I am having trouble writing and reading back special characters like the Euro-sign (€) into LOB String properties in PostgreSQL 8.4 with Hibernate 3.6.10.
What I know is that PostgreSQL provides two distinct ways to store large character objects in a column of a table. They can be stored either directly into that table column or indirectly in a separate table (it's actually called pg_largeobject). In the latter case, the column holds a reference (OID) to the row in pg_largeobject.
The default behaviour in Hibernate 3.6.10 is the indirect OID approach. However, it is possible to add an extra annotation @org.hibernate.annotations.Type(type="org.hibernate.type.TextType") to the Lob property to get the direct storage behaviour.

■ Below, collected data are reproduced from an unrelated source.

Lemma pigeonhole_nat (T : Type) (f : nat -> T) (B : set T) :
  finite_set B -> (forall i, B (f i)) -> exists i j, (i < j)%N /\ f i = f j.
Proof.
move=> finB fB; apply: contrapT => noncoll.
have f_inj : {in f @^-1` B &, injective f}.
  move=> i j _ _ eq_f; apply: contrapT => neq_ij; apply: noncoll.
  by case: (ltngtP i j) => // [ij|ji]; [exists i, j | exists j, i].
apply: infinite_nat; rewrite -(_ : f @^-1` B = setT).
  exact: finite_preimage.
by apply/seteqP; split=> // i _; apply: fB.
Qed.

Section GroupFacts.
Variable G : groupType.
Implicit Types (x y z : G) (A B : set G).

Definition subgroup A :=
  [/\ A 1, forall x y, A x -> A y -> A (x * y) & forall x, A x -> A x^-1].

Definition cent A : set G := [set x | forall y, A y -> commute x y].

Lemma subgroup1 A : subgroup A -> A 1.
Proof. by case. Qed.

Lemma subgroupM A x y : subgroup A -> A x -> A y -> A (x * y).
Proof. by case=> _ + _; apply. Qed.

Lemma subgroupV A x : subgroup A -> A x -> A x^-1.
Proof. by case=> _ _; apply. Qed.

Lemma subgroupX A x n : subgroup A -> A x -> A (x ^+ n).
Proof.
move=> gA Ax; elim: n => [|n IH]; first exact: subgroup1.
by rewrite expgS; apply: subgroupM.
Qed.

Lemma subgroupR A x y : subgroup A -> A x -> A y -> A [~ x, y].
Proof.
move=> gA Ax Ay; rewrite /commg /conjg.
by do !apply: subgroupM => //; apply: subgroupV.
Qed.

Lemma subgroupI A B : subgroup A -> subgroup B -> subgroup (A `&` B).
Proof.
move=> gA gB; split=> [|x y [Ax Bx] [Ay By]|x [Ax Bx]]; split;
  by [apply: subgroup1 | apply: subgroupM | apply: subgroupV].
Qed.

Lemma cent_subgroup A : subgroup (cent A).
Proof.
split=> [y _|x y cx cy z Az|x cx z Az]; first exact/commute_sym/commute1.
  by apply/commute_sym/commuteM; apply/commute_sym; [apply: cx | apply: cy].
by apply/commute_sym/commuteV/commute_sym/cx.
Qed.

Lemma sub_cent_cent A : A `<=` cent (cent A).
Proof. by move=> x Ax y cy; apply/commute_sym/cy. Qed.

Lemma conjg_fix_commute x y : x ^ y = x <-> commute x y.
Proof. by split=> [/conjg_fixP/commgP | /commgP/conjg_fixP]. Qed.

Lemma conjg_eq x u v : x ^ u = x ^ v <-> commute x (u / v).
Proof.
rewrite -conjg_fix_commute conjgM; split=> [->|e]; first by rewrite conjgK.
by rewrite -[x ^ u](conjgKV v) e.
Qed.

Lemma prodg_nseq x k : \prod_(y <- nseq k x) y = x ^+ k.
Proof. by rewrite big_nseq iter_mulg_1. Qed.

Lemma uniform_exponent A : finite_set A ->
  (forall x, A x -> exists n, (0 < n)%N /\ x ^+ n = 1) ->
  exists n, (0 < n)%N /\ forall x, A x -> x ^+ n = 1.
Proof.
case/finite_seqP=> s ->; elim: s => [|t s IH] tors; first by exists 1%N.
have [m [m_gt0 tm]] := tors t (mem_head t s).
have [n [n_gt0 sn]] := IH (fun x xs => tors x (@mem_behead _ (t :: s) x xs)).
exists (m * n)%N; split=> [|x]; first by rewrite muln_gt0 m_gt0.
rewrite /= inE => /orP[/eqP ->|xs]; first by rewrite expgnA tm expg1n.
by rewrite mulnC expgnA sn ?expg1n.
Qed.

Lemma perm_prodg_commute (I : eqType) (s t : seq I) (F : I -> G) :
  {in s &, forall i j, commute (F i) (F j)} -> perm_eq s t ->
  \prod_(i <- s) F i = \prod_(i <- t) F i.
Proof.
elim: s t => [|i s IH] t cF; first by move/perm_size/esym/size0nil ->.
move=> pst; have it : i \in t by rewrite -(perm_mem pst) mem_head.
case/splitPr: it pst => t1 t2 pst.
have t1s : {subset t1 <= i :: s}.
  by move=> j jt; rewrite (perm_mem pst) mem_cat jt.
have {}pst : perm_eq s (t1 ++ t2).
  rewrite -(perm_cons i); apply: (perm_trans pst).
  by apply/permP => p; rewrite /= !count_cat /= addnCA.
have cFs : {in s &, forall j k, commute (F j) (F k)}.
  by move=> j k js ks; apply: cF; rewrite inE ?js ?ks orbT.
rewrite big_cons (IH _ cFs pst) !big_cat big_cons /= !mulgA; congr (_ * _).
by rewrite big_seq; apply: commute_prod => j /t1s; apply: cF; rewrite mem_head.
Qed.

End GroupFacts.

Section Dietz.
Variables (G : groupType) (X : seq G) (N : nat).
Hypothesis X_conj : forall x y, x \in X -> x ^ y \in X.
Hypothesis N_gt0 : (0 < N)%N.
Hypothesis X_exp : forall x, x \in X -> x ^+ N = 1.

Definition word_prods_le k : set G :=
  [set \prod_(x <- w) x | w in [set w | all (mem X) w /\ (size w <= k)%N]].

Definition word_prods : set G :=
  [set \prod_(x <- w) x | w in [set w | all (mem X) w]].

Both approaches work fine, except for the moment that I want to work with special characters like the Euro sign (€). In that case the direct storage mechanism keeps working, but the indirect storage mechanism breaks.
I'd like to demonstrate that with an example. I created a test entity with 2 @Lob properties. One follows the direct storage principle, the other the indirect storage:
@Basic
@Lob
@Column(name = "CLOB_VALUE_INDIRECT_STORAGE", length = 2147483647)
public String getClobValueIndirectStorage()
and
@Basic
@Lob
@org.hibernate.annotations.Type(type="org.hibernate.type.TextType")
@Column(name = "CLOB_VALUE_DIRECT_STORAGE", length = 2147483647)
public String getClobValueDirectStorage()
If I create an entity, populate both properties with the Euro sign and then persist it towards the database I see the following when I do a SELECT I see
id | clob_value_direct_storage | clob_value_indirect_storage
----+---------------------------+----------------------------
6 | € | 910579
If I then query the table pg_largeobject I see:
loid | pageno | data
--------+--------+------
910579 | 0 | \254
The 'data' column of pg_largeobject is of type bytea, which means that the information is stored as raw bytes. The expression '\254' represents one single byte and in UTF-8 represents the character '¬'. This is exactly the value that I get back when I load the entity back from the database.
The Euro sign in UTF-8 consists of 3 bytes, so I would have expected the 'data' column to have 3 bytes and not 1.
This does not only occur for the Euro sign, but for many special characters. Is this a problem in Hibernate? Or the JDBC driver? Is there a way I can tweak this behaviour?
Thanks in advance,
Kind regards,
Franck de Bruijn